Talon Metals Corp. announced that it has raised total amount of C$9.825 million, and is about to close additional tranche of C$350,000 which will result in the BVI company raising a total of C$10.175 million. The raised funds will be mainly used to make the initial payment in respect of the Tamarack Project, under the existing joint venture agreement.
Also, Talon Metals entered into a series of conversion transactions with Resource Capital Fund VI L.P., which has eliminated approximately C$32 million in debt. The company has completed private placement offering of 39,375,000 common shares at a price of C$0.08 per share for gross proceeds of C$3.15 million. The second tranche is expected to have gross proceeds of C$350,000.
In addition, wholly owned subsidiary of the BVI company, Talon Nickel (USA) LLC, has agreed to grant a net smelter returns royalty to 10782343 Canada Limited, a subsidiary of Triple Flag Mining Finance Bermuda Ltd., in consideration of the payment of US$5.0 million. The company and its subsidiaries have agreed to guarantee the payment and performance obligations under the royalty agreement. The proceeds will be used by Talon Metals to make the initial US$6 million payment due under the JV Agreement.
As a result of the Convertible Loan Conversion and the Promissory Note Conversion, the C$3.15 million private placement and the issuance of shares to its joint venture partner, Resource Capital Fund will hold approximately 55.6% of the issued and outstanding shares of Talon.
Chaarat, the AIM–quoted exploration and development company incorporated in the British Virgin Islands, announced that it has reassessed its borrowing needs and is reducing its current convertible debt placement from US$100 million to US$50 million. The reduction significantly reduces dilution for existing shareholders. It has been prompted by positive developments surrounding company’s proposed acquisition of polymetallic asset and accelerated project funding arrangements.
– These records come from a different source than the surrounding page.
(* Fix a TxnSP instance. Every representable subschedule is prime.
   Context: TxnSP instance: jobs $J=\{1,\dots,n\}$, identical machines $1,\dots,m$, lengths $L_\alpha>0$, symmetric binary conflict matrix $C$ with zero diagonal ($C_{\alpha\beta}=1$ iff $\alpha\neq\beta$ conflict). Insertion process: Start from some state, where each machine $\mu$ has a processing time $P_\mu$ (initially $0$ when empty). An instruction $(\alpha,\mu)$ appends a not-yet-placed job $\alpha$ at the end of machine $\mu$. It assigns $\alpha$ the start time $st(\alpha)$, defined as the least $t\ge P_\mu$ such that $[t,t+L_\alpha)$ is disjoint from $[st(\beta),ct(\beta))$ for every already placed job $\beta$ with $C_{\alpha\beta}=1$. It then sets the completion time $ct(\alpha)=st(\alpha)+L_\alpha$ and updates $P_\mu:=ct(\alpha)$. A subschedule formed by $S\subseteq J$ is the result of applying, from the empty state, a list of instructions whose jobs are exactly $S$. Its size is $|S|$, and its makespan $ms$ is $\max_\mu P_\mu$. A subschedule $j$ is derived from $i$ (and $i$ is a root of $j$) if there is an instruction list producing $i$ and a further list whose application after it produces $j$. $LJ_i$ is the set of last jobs on the nonempty machines of $i$. A subschedule $i$ is reducible by $\alpha\in LJ_i$ if removing $\alpha$ from the end of its machine and appending it to a different machine (with start time given by the insertion rule relative to the remaining jobs) yields a strictly smaller makespan. $i$ is non-reducible if it is reducible by no $\alpha\in LJ_i$. A non-reducible subschedule $i$ of size $c$ is prime if for every $d<c$ it has at least one non-reducible root of size $d$. Derivation rule: given a sequence $(\alpha_1,\dots,\alpha_c)$ of distinct jobs, insert them in this order, each into a machine with currently smallest processing time $P_\mu$, breaking ties by smallest machine index. A subschedule is representable if it is obtained by applying the derivation rule to some sequence of distinct jobs (a permutation of the subset forming it). *)

From HB Require Import structures.
From mathcomp Require Import all_boot all_order all_algebra.
Set Implicit Arguments. Unset Strict Implicit. Unset Printing Implicit Defensive.
Import Order.TTheory GRing.Theory Num.Theory.
Local Open Scope ring_scope.

Section TxnSP.
Variable R : realFieldType.
Variables n m : nat.
Variable L : 'I_n -> R.
Variable C : 'I_n -> 'I_n -> bool.

(* A state: the ordered list of jobs on each machine, and start times
   (start times of unplaced jobs are irrelevant and kept at 0). *)
Record state := State {
  seqs : {ffun 'I_m -> seq 'I_n};
  stt  : {ffun 'I_n -> R} }.

Definition empty_state : state := State [ffun _ => [::]] [ffun _ => 0].

Definition placed (s : state) (a : 'I_n) : bool := [exists mu, a \in seqs s mu].

Definition ct (s : state) (a : 'I_n) : R := stt s a + L a.

Definition proc (s : state) (mu : 'I_m) : R :=
  if seqs s mu is a :: r then ct s (last a r) else 0.

Definition makespan (s : state) : R := \big[Num.max/0]_(mu : 'I_m) proc s mu.

Definition size_of (s : state) : nat := #|[pred a | placed s a]|.

Definition free (s : state) (a : 'I_n) (t : R) : Prop :=
  forall b, placed s b -> C a b -> t + L a <= stt s b \/ ct s b <= t.

(* t is the start time given to a appended on machine mu by the insertion rule *)
Definition is_start (s : state) (a : 'I_n) (mu : 'I_m) (t : R) : Prop :=
  [/\ proc s mu <= t, free s a t &
      forall t', proc s mu <= t' -> free s a t' -> t <= t'].

Definition append (s : state) (a : 'I_n) (mu : 'I_m) (t : R) : state :=
  State [ffun nu => if nu == mu then rcons (seqs s nu) a else seqs s nu]
        [ffun b => if b == a then t else stt s b].

Definition step (s : state) (ins : 'I_n * 'I_m) (s' : state) : Prop :=
  ~~ placed s ins.1 /\
  exists t, is_start s ins.1 ins.2 t /\ s' = append s ins.1 ins.2 t.

Fixpoint run (s : state) (l : seq ('I_n * 'I_m)) (s' : state) : Prop :=
  if l is ins :: l' then exists s1, step s ins s1 /\ run s1 l' s' else s' = s.

Definition subschedule (s : state) : Prop := exists l, run empty_state l s.

Definition root (r s : state) : Prop :=
  exists l1 l2, run empty_state l1 r /\ run r l2 s.

Definition last_job (s : state) (mu : 'I_m) (a : 'I_n) : Prop :=
  exists r, seqs s mu = rcons r a.

Definition remove_last (s : state) (mu : 'I_m) (r : seq 'I_n) : state :=
  State [ffun nu => if nu == mu then r else seqs s nu] (stt s).

Definition reducible (s : state) : Prop :=
  exists (mu : 'I_m) (r : seq 'I_n) (a : 'I_n),
    seqs s mu = rcons r a /\
    exists (nu : 'I_m) (t : R),
      [/\ nu != mu, is_start (remove_last s mu r) a nu t &
          makespan (append (remove_last s mu r) a nu t) < makespan s].

Definition non_reducible (s : state) : Prop := ~ reducible s.

Definition prime_sub (s : state) : Prop :=
  [/\ subschedule s, non_reducible s &
      forall d, (d < size_of s)%N ->
        exists r, [/\ root r s, size_of r = d & non_reducible r]].

Definition rule_step (s : state) (a : 'I_n) (s' : state) : Prop :=
  exists mu : 'I_m,
    (forall nu : 'I_m, proc s mu < proc s nu \/ (proc s mu = proc s nu /\ (mu <= nu)%N))
    /\ step s (a, mu) s'.

Fixpoint rule_run (s : state) (l : seq 'I_n) (s' : state) : Prop :=
  if l is a :: l' then exists s1, rule_step s a s1 /\ rule_run s1 l' s' else s' = s.

Definition representable (s : state) : Prop :=
  exists l : seq 'I_n, uniq l /\ rule_run empty_state l s.

End TxnSP.

(* Under the derivation rule, each job a is appended to a machine of minimum
   processing time, and later insertions keep every placed job where it is and
   only increase processing times.  If a, last on its machine mu, is moved to
   another machine nu, its new start time t' was therefore already admissible
   when a was inserted: nu was at least as loaded as mu then and is no less
   loaded now, and t' avoids every conflicting job placed at that time.  Hence
   t' >= st(a), so machine nu ends at t' + L a >= ct(a) and the makespan cannot
   drop: every representable subschedule is non-reducible.  Its roots of size
   d < c are obtained by running the rule on the first d jobs of its sequence,
   so they are representable, hence non-reducible, too. *)
From mathcomp Require Import all_boot all_order all_algebra.
Import Order.TTheory GRing.Theory Num.Theory.
Local Open Scope ring_scope.
Set Implicit Arguments. Unset Strict Implicit.

Section Derivation.
Variable R : realFieldType.
Variables n m : nat.
Variable L : 'I_n -> R.
Variable C : 'I_n -> 'I_n -> bool.
Hypothesis L_gt0 : forall a, 0 < L a.

Notation state := (state R n m).

Lemma mem_append (s : state) x k t a nu :
  (a \in seqs (append s x k t) nu) = ((nu == k) && (a == x)) || (a \in seqs s nu).
Proof. by rewrite /= ffunE; case: eqP => //= _; rewrite mem_rcons inE. Qed.

Lemma placed_append (s : state) x k t b :
  placed (append s x k t) b = (b == x) || placed s b.
Proof.
apply/existsP/orP => [[nu]|[/eqP->|/existsP[nu Hb]]].
- rewrite mem_append => /orP[/andP[_ ->]|Hb]; [by left | right].
  by apply/existsP; exists nu.
- by exists k; rewrite mem_append !eqxx.
- by exists nu; rewrite mem_append Hb orbT.
Qed.

Lemma unplaced_notin (s : state) a nu : ~~ placed s a -> a \notin seqs s nu.
Proof. by apply: contra => Ha; apply/existsP; exists nu. Qed.

Lemma proc_rcons (s : state) mu r a :
  seqs s mu = rcons r a -> proc L s mu = ct L s a.
Proof. by rewrite /proc => ->; case: r => //= b r; rewrite last_rcons. Qed.

Lemma eq_proc (s s' : state) mu :
  seqs s' mu = seqs s mu -> {in seqs s mu, stt s' =1 stt s} ->
  proc L s' mu = proc L s mu.
Proof.
rewrite /proc => -> Est; case E: (seqs s mu) => [|a r] //.
by rewrite /ct Est // E mem_last.
Qed.

Definition extends (s0 s : state) :=
  (forall b, placed s0 b -> placed s b /\ stt s b = stt s0 b) /\
  (forall nu, proc L s0 nu <= proc L s nu).

Lemma extends_trans s1 s2 s3 : extends s1 s2 -> extends s2 s3 -> extends s1 s3.
Proof.
move=> [E12 P12] [E23 P23]; split=> [b /E12 [/E23 [Hb ->] ->] //|nu].
exact: le_trans (P12 nu) (P23 nu).
Qed.

Lemma step_extends s x k s' : step L C s (x, k) s' -> extends s s'.
Proof.
case=> /= Hx [t [[Hp _ _] ->]]; split=> [b Hb|nu].
  rewrite placed_append Hb orbT; split => //; rewrite /= ffunE.
  by case: eqP => // Ebx; rewrite -Ebx Hb in Hx.
have [->|Hne] := eqVneq nu k.
  rewrite (@proc_rcons (append s x k t) k (seqs s k) x); last by rewrite /= ffunE eqxx.
  by rewrite /ct /= ffunE eqxx (le_trans Hp) // lerDl ltW.
suff -> : proc L (append s x k t) nu = proc L s nu by [].
apply: eq_proc => [|b Hb]; first by rewrite /= ffunE (negbTE Hne).
rewrite /= ffunE; case: eqP => // Ebx.
by move: (unplaced_notin nu Hx); rewrite -Ebx Hb.
Qed.

Definition disjoint_machines (s : state) :=
  forall a mu nu, a \in seqs s mu -> a \in seqs s nu -> mu = nu.

Definition inserted_greedily (s : state) :=
  forall mu a, a \in seqs s mu -> exists s0,
    [/\ ~~ placed s0 a, is_start L C s0 a mu (stt s a),
        forall nu, proc L s0 mu <= proc L s0 nu & extends s0 s].

Lemma rule_step_disjoint s x s' :
  disjoint_machines s -> rule_step L C s x s' -> disjoint_machines s'.
Proof.
move=> Hdis [k [_ [/= Hx [t [_ ->]]]]] a mu nu.
rewrite !mem_append => /orP[/andP[/eqP-> /eqP->]|Ha] /orP[/andP[/eqP-> /eqP Eax]|Hb] //.
- by rewrite (negbTE (unplaced_notin nu Hx)) in Hb.
- by rewrite Eax (negbTE (unplaced_notin mu Hx)) in Ha.
- exact: Hdis Ha Hb.
Qed.

Lemma rule_step_inserted_greedily s x s' :
  inserted_greedily s -> rule_step L C s x s' -> inserted_greedily s'.
Proof.
move=> Hgr [k [Hmin Hst]]; have Hext := step_extends Hst.
case: Hst => /= Hx [t [Hs Es']] mu a; rewrite Es' in Hext *.
rewrite mem_append => /orP[/andP[/eqP-> /eqP->]|Ha].
  exists s; split => //; first by rewrite /= ffunE eqxx.
  by move=> nu; case: (Hmin nu) => [/ltW|[-> _]].
have [s0 [Ha0 Hst0 Hmin0 Hext0]] := Hgr mu a Ha.
exists s0; split => //; last exact: extends_trans Hext0 Hext.
rewrite /= ffunE; case: eqP => // Eax.
by rewrite Eax (negbTE (unplaced_notin mu Hx)) in Ha.
Qed.

Lemma rule_run_greedy l s :
  rule_run L C (empty_state R n m) l s ->
  disjoint_machines s /\ inserted_greedily s.
Proof.
have : disjoint_machines (empty_state R n m) /\ inserted_greedily (empty_state R n m).
  by split => [a mu nu|mu a]; rewrite /= ffunE.
elim: l (empty_state R n m) => [|x l IH] s0 [Hdis Hgr] /=; first by move->.
case=> s1 [Hst Hrun]; apply: IH Hrun.
by split; [exact: rule_step_disjoint Hst | exact: rule_step_inserted_greedily Hst].
Qed.

Section MoveLastJob.
Variables (s : state) (mu nu : 'I_m) (r : seq 'I_n) (a : 'I_n) (t : R).
Hypotheses (Es : seqs s mu = rcons r a) (Hne : nu != mu).
Hypothesis Hstart : is_start L C (remove_last s mu r) a nu t.

Let a_in_mu : a \in seqs s mu.
Proof. by rewrite Es mem_rcons mem_head. Qed.

Let proc_remove_nu : proc L (remove_last s mu r) nu = proc L s nu.
Proof. by apply: eq_proc; rewrite // /= ffunE (negbTE Hne). Qed.

Lemma greedy_start_le : inserted_greedily s -> stt s a <= t.
Proof.
move=> Hgr; have [s0 [Ha0 [_ _ Hleast0] Hmin0 [Eplaced Eproc]]] := Hgr mu a a_in_mu.
case: Hstart => Hproc Hfree _; apply: Hleast0.
  by rewrite (le_trans (Hmin0 nu)) // (le_trans (Eproc nu)) // -proc_remove_nu.
move=> b Hb0 Cab; have [/existsP[k Hbk] Est] := Eplaced b Hb0.
have Hba : b != a by apply: contraNneq Ha0 => <-.
have Hb : placed (remove_last s mu r) b.
  apply/existsP; exists k; rewrite /= ffunE; case: eqP Hbk => // ->.
  by rewrite Es mem_rcons inE (negbTE Hba).
by rewrite /ct -Est; exact: Hfree.
Qed.

Lemma makespan_move_ge :
  disjoint_machines s -> inserted_greedily s ->
  makespan L s <= makespan L (append (remove_last s mu r) a nu t).
Proof.
move=> Hdis Hgr; set s2 := append _ a nu t.
have proc_s2_nu : proc L s2 nu = t + L a.
  rewrite (@proc_rcons s2 nu (seqs (remove_last s mu r) nu) a); last by rewrite /= ffunE eqxx.
  by rewrite /ct /= ffunE eqxx.
have le_ms2 k : proc L s2 k <= makespan L s2 by apply: le_bigmax.
apply: bigmax_le => [|k _]; first exact: bigmax_ge_id.
have [->|Hkmu] := eqVneq k mu.
  rewrite (proc_rcons Es) /ct (le_trans _ (le_ms2 nu)) // proc_s2_nu lerD2r.
  exact: greedy_start_le.
have [->|Hknu] := eqVneq k nu.
  rewrite (le_trans _ (le_ms2 nu)) // proc_s2_nu -proc_remove_nu.
  by case: Hstart => Hproc _ _; rewrite (le_trans Hproc) // lerDl ltW.
suff <- : proc L s2 k = proc L s k by [].
apply: eq_proc => [|b Hb]; first by rewrite /= !ffunE (negbTE Hknu) (negbTE Hkmu).
rewrite /= ffunE; case: eqP Hb => // -> Hak.
by move: Hkmu; rewrite (Hdis a mu k a_in_mu Hak) eqxx.
Qed.

End MoveLastJob.

Lemma rule_run_non_reducible l (s : state) :
  rule_run L C (empty_state R n m) l s -> non_reducible L C s.
Proof.
move=> /rule_run_greedy [Hdis Hgr] [mu [r [a [Es [nu [t [Hne Hstart Hlt]]]]]]].
by move: Hlt; rewrite ltNge makespan_move_ge.
Qed.

Lemma rule_run_cat (s : state) l1 l2 (s' : state) : rule_run L C s (l1 ++ l2) s' ->
  exists s1, rule_run L C s l1 s1 /\ rule_run L C s1 l2 s'.
Proof.
elim: l1 s => [|x l1 IH] s /=; first by exists s.
case=> s1 [H1 /IH [s2 [H12 H2]]].
by exists s2; split => //; exists s1.
Qed.

Lemma rule_runW (s : state) l (s' : state) : rule_run L C s l s' -> exists il, run L C s il s'.
Proof.
elim: l s => [|x l IH] s /=; first by move->; exists [::].
case=> s1 [[k [_ Hst]] /IH [il Hil]].
by exists ((x, k) :: il), s1.
Qed.

Lemma size_of_append (s : state) x (k : 'I_m) t : ~~ placed s x ->
  size_of (append s x k t) = (size_of s).+1.
Proof.
move=> Hx; rewrite /size_of (eq_card (B := [predU1 x & [pred a | placed s a]])).
  by rewrite cardU1 inE Hx.
by move=> b; rewrite !inE placed_append.
Qed.

Lemma size_of_rule_run l (s : state) :
  rule_run L C (empty_state R n m) l s -> size_of s = size l.
Proof.
have : size_of (empty_state R n m) = 0%N.
  by apply: eq_card0 => b; rewrite !inE; apply/existsP => -[nu]; rewrite /= ffunE.
rewrite -(add0n (size l)); move: 0%N.
elim: l (empty_state R n m) => [|x l IH] s0 k /= Hk; first by move=> ->; rewrite addn0.
case=> s1 [[nu [_ [Hx [t [_ ->]]]]]]; rewrite addnS -addSn.
by apply: IH; rewrite size_of_append // Hk.
Qed.

End Derivation.

Theorem lemma6 (R : realFieldType) (n m : nat) (L : 'I_n -> R)
    (C : 'I_n -> 'I_n -> bool)
    (HL : forall a, 0 < L a)
    (HCsym : forall a b, C a b = C b a)
    (HCdiag : forall a, C a a = false)
    (s : state R n m) :
  @representable R n m L C s -> @prime_sub R n m L C s.
Proof.
case=> l [_ Hl]; split.
- by have [il Hil] := rule_runW Hl; exists il.
- exact: (rule_run_non_reducible HL Hl).
move=> d; rewrite (size_of_rule_run Hl) => Hd.
move: Hl; rewrite -(cat_take_drop d l) => /rule_run_cat [r [Hr Hrs]].
exists r; split.
- have [il1 ?] := rule_runW Hr; have [il2 ?] := rule_runW Hrs.
  by exists il1, il2.
- by rewrite (size_of_rule_run Hr) size_take Hd.
- exact: (rule_run_non_reducible HL Hr).
Qed.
Also, the BVI company has completed the first phase of its fundraising, receiving commitments for approximately US$17.6m from new and existing customers. The company is now targeting commitments for up to US$50 million, and plans to raise the remaining US$32.4 million as soon as possible. The second phase of the fundraise, as announced on 28 August 2018, is ongoing and is expected to close by the end of September/early October 2018. Following positive feedback from potential investors, Chaarat will amend the terms of the up to US$100 million Convertible Notes. Upon closing of phase two of the fundraise, Chaarat will apply for a listing of the 2021 Notes, anticipated to be on the Frankfurt Open Market.
Harneys, one of the oldest law firms having offices in the British Virgin Islands and other jurisdictions, acted as a Cypriot counsel to the mandated lead arrangers including National Westminster Bank PLC, Santander UK PLC, UBS Limited and Unicredit Bank AG, in relation to the financing given to Playtech Plc, approximately in the amount of €1.3 billion.
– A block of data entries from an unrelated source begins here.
(* For every formula $\psi(x,\vec y)$ in the language of $\mathbf{A}^{\natural}$, every tuple $\vec c$ of elements of $A^{\natural}$, and every $a\in A$, there are $b\in A$ and $n,m\le 8$ such that $\psi(a^1,\vec c)=b^n$ and $\psi(a^3,\vec c)=b^m$.
   Context: $\mathbf{A}$ is a fixed non-trivial algebra whose set $\mathcal{F}$ of basic operations contains no constant symbols, and $h$ is a unary function on $A$. Construction of $\mathbf{A}^{\natural}$: universe is the disjoint union of eight copies $A_1,\dots,A_8$ of $A$ ($a^i$ is the copy of $a$ in $A_i$); operations: each $n$-ary $f\in\mathcal{F}$ with $f(a_1^{m_1},\dots,a_n^{m_n})=(f^{\mathbf{A}}(a_1,\dots,a_n))^5$; a ternary $\heartsuit$ with $\heartsuit(a^m,b^n,c^k)=a^1$ if $a^m=c^k$, $h(a)^5=b^n$, $m\in\{1,3,4\}$; $=a^2$ if $a^m=c^k$, $h(a)^5=b^n$, $m\in\{2,5,6,7,8\}$; $=a^4$ if $m,k\in\{1,3,4\}$ and ($a^m\ne c^k$ or $h(a)^5\ne b^n$); $=a^7$ if $\{m,k\}\cap\{2,5,6,7,8\}\ne\emptyset$ and ($a^m\ne c^k$ or $h(a)^5\ne b^n$); a unary $\Box$ with $\Box(a^m)=a^m$ for $m\in\{1,2\}$, $a^{m-1}$ for even $m\ge3$, $a^{m+1}$ for odd $m\ge3$. *)

From mathcomp Require Import all_boot.
Set Implicit Arguments. Unset Strict Implicit. Unset Printing Implicit Defensive.

(* The construction A^natural has universe A * 'I_8; the element (a, i)
   is the copy a^(i+1) of a in A_(i+1). *)

Section Natural.
Variables (A : eqType) (F : Type) (ar : F -> nat)
          (fA : forall f : F, ('I_(ar f) -> A) -> A) (h : A -> A).

Definition nat_univ := (A * 'I_8)%type.

(* a^m, the copy of a in A_m (for 1 <= m <= 8) *)
Definition cp (a : A) (m : nat) : nat_univ := (a, inord m.-1).
Definition ix (u : nat_univ) : nat := (u.2 : nat).+1.

Definition in134 (m : nat) : bool := m \in [:: 1; 3; 4].

Definition nat_fop (f : F) (args : 'I_(ar f) -> nat_univ) : nat_univ :=
  cp (fA (fun i => (args i).1)) 5.

Definition nat_heart (x y z : nat_univ) : nat_univ :=
  let a := x.1 in
  if (x == z) && (cp (h a) 5 == y) then
    (if in134 (ix x) then cp a 1 else cp a 2)
  else if in134 (ix x) && in134 (ix z) then cp a 4
  else cp a 7.

Definition nat_box (x : nat_univ) : nat_univ :=
  let m := ix x in
  if m <= 2 then x
  else if odd m then cp x.1 m.+1 else cp x.1 m.-1.

Inductive term (V : Type) : Type :=
| TVar of V
| TApp (f : F) of ('I_(ar f) -> term V)
| THeart of term V & term V & term V
| TBox of term V.

Fixpoint eval (V : Type) (env : V -> nat_univ) (t : term V) : nat_univ :=
  match t with
  | TVar v => env v
  | TApp f ts => nat_fop (fun i => eval env (ts i))
  | THeart t1 t2 t3 => nat_heart (eval env t1) (eval env t2) (eval env t3)
  | TBox t1 => nat_box (eval env t1)
  end.

End Natural.

(* environment for psi(x, y_1..y_k): None is x, Some i is y_i *)
Definition env_xy (U : Type) (k : nat) (x : U) (c : 'I_k -> U) (v : option 'I_k) : U :=
  match v with None => x | Some i => c i end.

From mathcomp Require Import all_boot.
From Stdlib Require Import FunctionalExtensionality.

(* Projection onto A is compatible with every operation of A^natural: a basic
   operation yields a copy of f^A applied to the A-components of its
   arguments, while heart and box yield a copy of the A-component of their
   first argument.  Hence the A-component of the value of psi depends only on
   the A-components of the assignment, and a^1, a^3 both have A-component a. *)

Section ProjectionToA.
Variables (A : eqType) (F : Type) (ar : F -> nat)
          (fA : forall f : F, ('I_(ar f) -> A) -> A) (h : A -> A).

Lemma cp_fst_ix (u : nat_univ A) : u = cp u.1 (ix u).
Proof. by case: u => b i; rewrite /cp /ix /= inord_val. Qed.

Lemma ix_bounds (u : nat_univ A) : 1 <= ix u <= 8.
Proof. by rewrite /ix ltn_ord. Qed.

Lemma heart_fst (x y z : nat_univ A) : (nat_heart h x y z).1 = x.1.
Proof. by rewrite /nat_heart; repeat case: ifP. Qed.

Lemma box_fst (x : nat_univ A) : (nat_box x).1 = x.1.
Proof. by rewrite /nat_box; repeat case: ifP. Qed.

Lemma eval_fst_congr (V : Type) (e1 e2 : V -> nat_univ A) :
  (forall v, (e1 v).1 = (e2 v).1) ->
  forall t : term ar V, (eval fA h e1 t).1 = (eval fA h e2 t).1.
Proof.
move=> e12; elim=> [v|f ts IHts|t1 IH1 t2 _ t3 _|t1 IH1] /=.
- exact: e12.
- congr (fA f); apply: functional_extensionality => i; exact: IHts.
- by rewrite !heart_fst.
- by rewrite !box_fst.
Qed.

End ProjectionToA.

Theorem lemma6p5 (A : eqType) (F : Type) (ar : F -> nat)
    (fA : forall f : F, ('I_(ar f) -> A) -> A) (h : A -> A)
    (nontriv : exists a1 a2 : A, a1 != a2)
    (no_const : forall f : F, 0 < ar f)
    (k : nat) (psi : term ar (option 'I_k)) (c : 'I_k -> nat_univ A) (a : A) :
  exists (b : A) (n m : nat),
    [/\ 1 <= n <= 8, 1 <= m <= 8,
        eval fA h (env_xy (cp a 1) c) psi = cp b n &
        eval fA h (env_xy (cp a 3) c) psi = cp b m].
Proof.
set u1 := eval fA h (env_xy (cp a 1) c) psi.
set u3 := eval fA h (env_xy (cp a 3) c) psi.
have same_fst : u1.1 = u3.1 by apply: eval_fst_congr => -[].
exists u1.1, (ix u1), (ix u3); split; rewrite ?ix_bounds //.
- exact: cp_fst_ix.
- by rewrite same_fst; exact: cp_fst_ix.
Qed.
Playtech is the world’s largest online gaming software supplier traded on the London Stock Exchange and registered in the British Virgin Islands, offering cutting-edge solutions to the leading operators working in the industry.
Sea exploration company Nautilus Minerals Inc. entered into a Funding Mandate Agreement with Deep Sea Mining Finance Ltd, a newly incorporated private company in the British Virgin Islands. According to the agreement, the international expertise and financial relationships of two major shareholders of Nautilus Minerals will be used to assist in advancing the development of Solwara 1, the company’s copper-gold project under development.
The BVI company is intended to be 50 per cent owned by USM Finance Ltd, a wholly-owned subsidiary of USM Holdings Ltd, an affiliate of Metalloinvest Holding (Cyprus) Limited , and 50 per cent owned by Mawarid Offshore Mining Ltd., a wholly-owned subsidiary of MB Holding Company LLC.
Deep Sea Mining Finance has been appointed as the exclusive financial advisor of Nautilus, in respect of US$350 million financing needed to complete the development of the Solwara 1 Project. The exclusive right of the BVI-incorporated company may be terminated, however, if it fails to arrange binding commitments in respect of financings of at least US$50,000,000 by December 4, 2017 (Interim Financing). Nautilus will pay to DSMF an initial retainer fee of US$75,000, and an additional fee of US$30,000. Also, it will pay US$350,000 as reimbursement for costs and expenses of DSMF incurred in connection with the Interim Financing.
The agreement will remain in effect until the earlier of January 1, 2019. It is subject to receipt of all necessary approvals from the TSX.